Compilation album by Mindless Self Indulgence
- Released: September 18, 2015
- Recorded: 1990–1997
- Genre: Industrial rock, electronic rock, electro-industrial
- Length: 54:44
- Label: Metropolis, Uppity Cracker
- Producer: James Euringer

Mindless Self Indulgence chronology
| How I Learned to Stop Giving a Shit and Love Mindless Self Indulgence (2013) | Pink (2015) | MSI B-Sides Vol. 1 (2024) |

Singles from Pink
- "Personal Jesus" Released: November 3, 2014;

= Pink (Mindless Self Indulgence album) =

Pink is a compilation album by Mindless Self Indulgence released on September 18, 2015, the 20th anniversary of the release of their debut album, Mindless Self-Indulgence.

Professional ratings
Review scores
| Source | Rating |
| AllMusic | Star |

==Title and content==
Pink was the title of a long rumored unreleased album, which was abandoned in favor of the cover of Method Man's Bring the Pain and the subsequent album, Tight.

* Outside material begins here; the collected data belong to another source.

(* Let $\mu$ be a doubling measure on $\mathbb{R}$ (with doubling constant $\delta$). Let $u,v\colon\mathbb{R}\to\mathbb{R}$ be such that $u'=\mu$ in the sense of distributions (i.e. $u(b)-u(a)=\mu([a,b])$ for $a<b$) and $v\in\Lambda_\mu$. Then the image of $\mathbb{R}$ under $\Gamma(t)=u(t)+iv(t)$ is a quasisymmetric graph. Moreover, for every $s>0$ there is $\varepsilon>0$ such that if $\delta\le\varepsilon$ and the $\Lambda_\mu$-seminorm of $v$ is at most $\varepsilon$, then $\Gamma(\mathbb{R})$ is an $s$-quasisymmetric graph.
   Context: A positive Radon measure $\mu$ on $\mathbb{R}$ is doubling if there is $\delta>0$ with $\mu(I)\le(1+\delta)\mu(J)$ for all adjacent intervals $I,J$ of equal length; such a measure is nonatomic. For a nonatomic positive Radon measure $\mu$ on $\mathbb{R}$, the generalized Zygmund class $\Lambda_\mu$ consists of continuous $g\colon\mathbb{R}\to\mathbb{R}$ for which there is $M>0$ with $|g(x+h)-2g(x)+g(x-h)|\le M\mu([x-h,x+h])$ for all $x\in\mathbb{R}$, $h\ge0$; the smallest such $M$ is the $\Lambda_\mu$-seminorm of $g$. An embedding $f$ is quasisymmetric if there is a homeomorphism $\eta\colon[0,\infty)\to[0,\infty)$ with $|f(x)-f(a)|\le\eta(|x-a|/|x-b|)\,|f(x)-f(b)|$ for all distinct $a,b,x$; it is $s$-quasisymmetric if $\eta$ can be chosen with $\eta(t)\le t+s$ for $0\le t\le1/s$. A set $\Gamma\subset\mathbb{C}$ is a quasisymmetric (resp. $s$-quasisymmetric) graph if the projection $w\mapsto\operatorname{Re} w$ is a quasisymmetric (resp. $s$-quasisymmetric) homeomorphism of $\Gamma$ onto $\mathbb{R}$. *)

From Stdlib Require Import Reals Lra.
Open Scope R_scope.

Inductive ereal : Type := EFin (r : R) | EInf.

Definition ele (x y : ereal) : Prop :=
  match x, y with
  | EFin a, EFin b => a <= b
  | _, EInf => True
  | EInf, EFin _ => False
  end.

Definition eadd (x y : ereal) : ereal :=
  match x, y with
  | EFin a, EFin b => EFin (a + b)
  | _, _ => EInf
  end.

Fixpoint epartial (f : nat -> ereal) (n : nat) : ereal :=
  match n with
  | O => f O
  | S k => eadd (epartial f k) (f (S k))
  end.

Definition is_esum (f : nat -> ereal) (l : ereal) : Prop :=
  (forall n, ele (epartial f n) l) /\
  (forall m, (forall n, ele (epartial f n) m) -> ele l m).

Inductive borel : (R -> Prop) -> Prop :=
  | borel_open : forall A, open_set A -> borel A
  | borel_compl : forall A, borel A -> borel (fun x => ~ A x)
  | borel_union : forall A : nat -> R -> Prop,
      (forall n, borel (A n)) -> borel (fun x => exists n, A n x).

Definition Icc (a b : R) : R -> Prop := fun x => a <= x <= b.

Definition borel_measure (mu : (R -> Prop) -> ereal) : Prop :=
  (forall A B, (forall x, A x <-> B x) -> mu A = mu B) /\
  mu (fun _ => False) = EFin 0 /\
  (forall A r, borel A -> mu A = EFin r -> 0 <= r) /\
  (forall A : nat -> R -> Prop,
      (forall n, borel (A n)) ->
      (forall n m x, n <> m -> A n x -> A m x -> False) ->
      is_esum (fun n => mu (A n)) (mu (fun x => exists n, A n x))).

(* Radon measure on R: Borel measure, finite on compact sets
   (equivalently on compact intervals, which contain every compact set). *)
Definition radon_measure (mu : (R -> Prop) -> ereal) : Prop :=
  borel_measure mu /\ (forall a b, exists r, mu (Icc a b) = EFin r).

Definition nonzero_measure (mu : (R -> Prop) -> ereal) : Prop :=
  exists A, borel A /\ mu A <> EFin 0.

Definition doubling (mu : (R -> Prop) -> ereal) (delta : R) : Prop :=
  forall x h r1 r2, 0 < h ->
    mu (Icc (x - h) x) = EFin r1 -> mu (Icc x (x + h)) = EFin r2 ->
    r1 <= (1 + delta) * r2 /\ r2 <= (1 + delta) * r1.

Definition zygmund_bound (mu : (R -> Prop) -> ereal) (g : R -> R) (M : R) : Prop :=
  forall x h r, 0 <= h -> mu (Icc (x - h) (x + h)) = EFin r ->
    Rabs (g (x + h) - 2 * g x + g (x - h)) <= M * r.

Definition in_Lambda (mu : (R -> Prop) -> ereal) (g : R -> R) : Prop :=
  continuity g /\ exists M, 0 < M /\ zygmund_bound mu g M.

Definition is_inf (P : R -> Prop) (m : R) : Prop :=
  (forall x, P x -> m <= x) /\ (forall y, (forall x, P x -> y <= x) -> y <= m).

Definition Lambda_seminorm (mu : (R -> Prop) -> ereal) (g : R -> R) (N : R) : Prop :=
  is_inf (fun M => 0 < M /\ zygmund_bound mu g M) N.

(* C is modelled as R * R (real part, imaginary part) *)
Definition Cdist (p q : R * R) : R :=
  sqrt ((fst p - fst q) ^ 2 + (snd p - snd q) ^ 2).

Definition Rdist (x y : R) : R := Rabs (x - y).

Definition cont_on {X Y : Type} (dX : X -> X -> R) (dY : Y -> Y -> R)
  (A : X -> Prop) (f : X -> Y) : Prop :=
  forall x, A x -> forall eps, 0 < eps -> exists d, 0 < d /\
    forall y, A y -> dX y x < d -> dY (f y) (f x) < eps.

Definition homeo_onto {X Y : Type} (dX : X -> X -> R) (dY : Y -> Y -> R)
  (A : X -> Prop) (B : Y -> Prop) (f : X -> Y) : Prop :=
  (forall x, A x -> B (f x)) /\
  (forall x y, A x -> A y -> f x = f y -> x = y) /\
  cont_on dX dY A f /\
  exists g : Y -> X,
    (forall y, B y -> A (g y) /\ f (g y) = y) /\ cont_on dY dX B g.

Definition nonnegR : R -> Prop := fun t => 0 <= t.

Definition homeo_halfline (eta : R -> R) : Prop :=
  homeo_onto Rdist Rdist nonnegR nonnegR eta.

Definition eta_qs {X Y : Type} (dX : X -> X -> R) (dY : Y -> Y -> R)
  (A : X -> Prop) (f : X -> Y) (eta : R -> R) : Prop :=
  forall x a b, A x -> A a -> A b -> a <> b -> x <> a -> x <> b ->
    dY (f x) (f a) <= eta (dX x a / dX x b) * dY (f x) (f b).

Definition allR : R -> Prop := fun _ => True.

(* Gamma is a quasisymmetric graph: the projection w |-> Re w is a
   quasisymmetric homeomorphism of Gamma onto R *)
Definition qs_graph (Gamma : R * R -> Prop) : Prop :=
  homeo_onto Cdist Rdist Gamma allR fst /\
  exists eta, homeo_halfline eta /\ eta_qs Cdist Rdist Gamma fst eta.

Definition s_qs_graph (s : R) (Gamma : R * R -> Prop) : Prop :=
  homeo_onto Cdist Rdist Gamma allR fst /\
  exists eta, homeo_halfline eta /\
    (forall t, 0 <= t <= 1 / s -> eta t <= t + s) /\
    eta_qs Cdist Rdist Gamma fst eta.

Definition graph_image (u v : R -> R) : R * R -> Prop :=
  fun w => exists t, w = (u t, v t).

From Stdlib Require Import Reals Lra Lia.
From Stdlib Require Import IndefiniteDescription FunctionalExtensionality PropExtensionality Classical.
Open Scope R_scope.

(** A point of the graph [Gamma] is [(u t, v t)] and
    its projection to the real axis is [u t].  For parameters [x], [x + Ha],
    [x + Hb], quasisymmetry of the projection asks that the ratio of the
    masses [|u (x + Ha) - u x|] and [|u (x + Hb) - u x|] be at most [eta] of
    the ratio of the corresponding chords of [Gamma]. *)

Lemma Rabs_le_between (x a : R) : Rabs x <= a -> - a <= x <= a.
Proof. unfold Rabs. destruct Rcase_abs; lra. Qed.

Lemma Rdiv_le_0_compat (a b : R) : 0 <= a -> 0 < b -> 0 <= a / b.
Proof.
  intros Ha Hb. unfold Rdiv.
  apply Rmult_le_pos; [exact Ha | left; apply Rinv_0_lt_compat, Hb].
Qed.

Lemma Rdiv_le_of_le_mul P Q c : 0 < Q -> P <= c * Q -> P / Q <= c.
Proof.
  intros HQ HP. apply Rmult_le_reg_r with Q; [exact HQ|].
  replace (P / Q * Q) with P by (field; lra). exact HP.
Qed.

Lemma ratio_ge_inv P Q C : 0 < P -> 0 < Q -> Q <= C * P -> 1 / C <= P / Q.
Proof.
  intros HP HQ HC. assert (0 < C) by nra.
  apply Rmult_le_reg_r with (C * Q); [nra|].
  replace (1 / C * (C * Q)) with Q by (field; lra).
  replace (P / Q * (C * Q)) with (C * P) by (field; lra). lra.
Qed.

Lemma lt_inv_swap a b : 0 < a -> 0 < b -> a < / b -> b < 1 / a.
Proof.
  intros Ha Hb Hab. unfold Rdiv. rewrite Rmult_1_l.
  rewrite <- (Rinv_inv b). apply Rinv_lt_contravar; [|exact Hab].
  apply Rmult_lt_0_compat; [exact Ha | apply Rinv_0_lt_compat, Hb].
Qed.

The album consists of nineteen remastered versions of previously unreleased songs recorded between 1990 and 1997, including cover versions of Depeche Mode's "Personal Jesus" and Duran Duran's "Girls on Film". Four of these tracks were taken from their long out of print 1995 debut album ("Unsociable", "Do Unto Others", "Bed of Roses", and "Do Unto Others, Pt. 2").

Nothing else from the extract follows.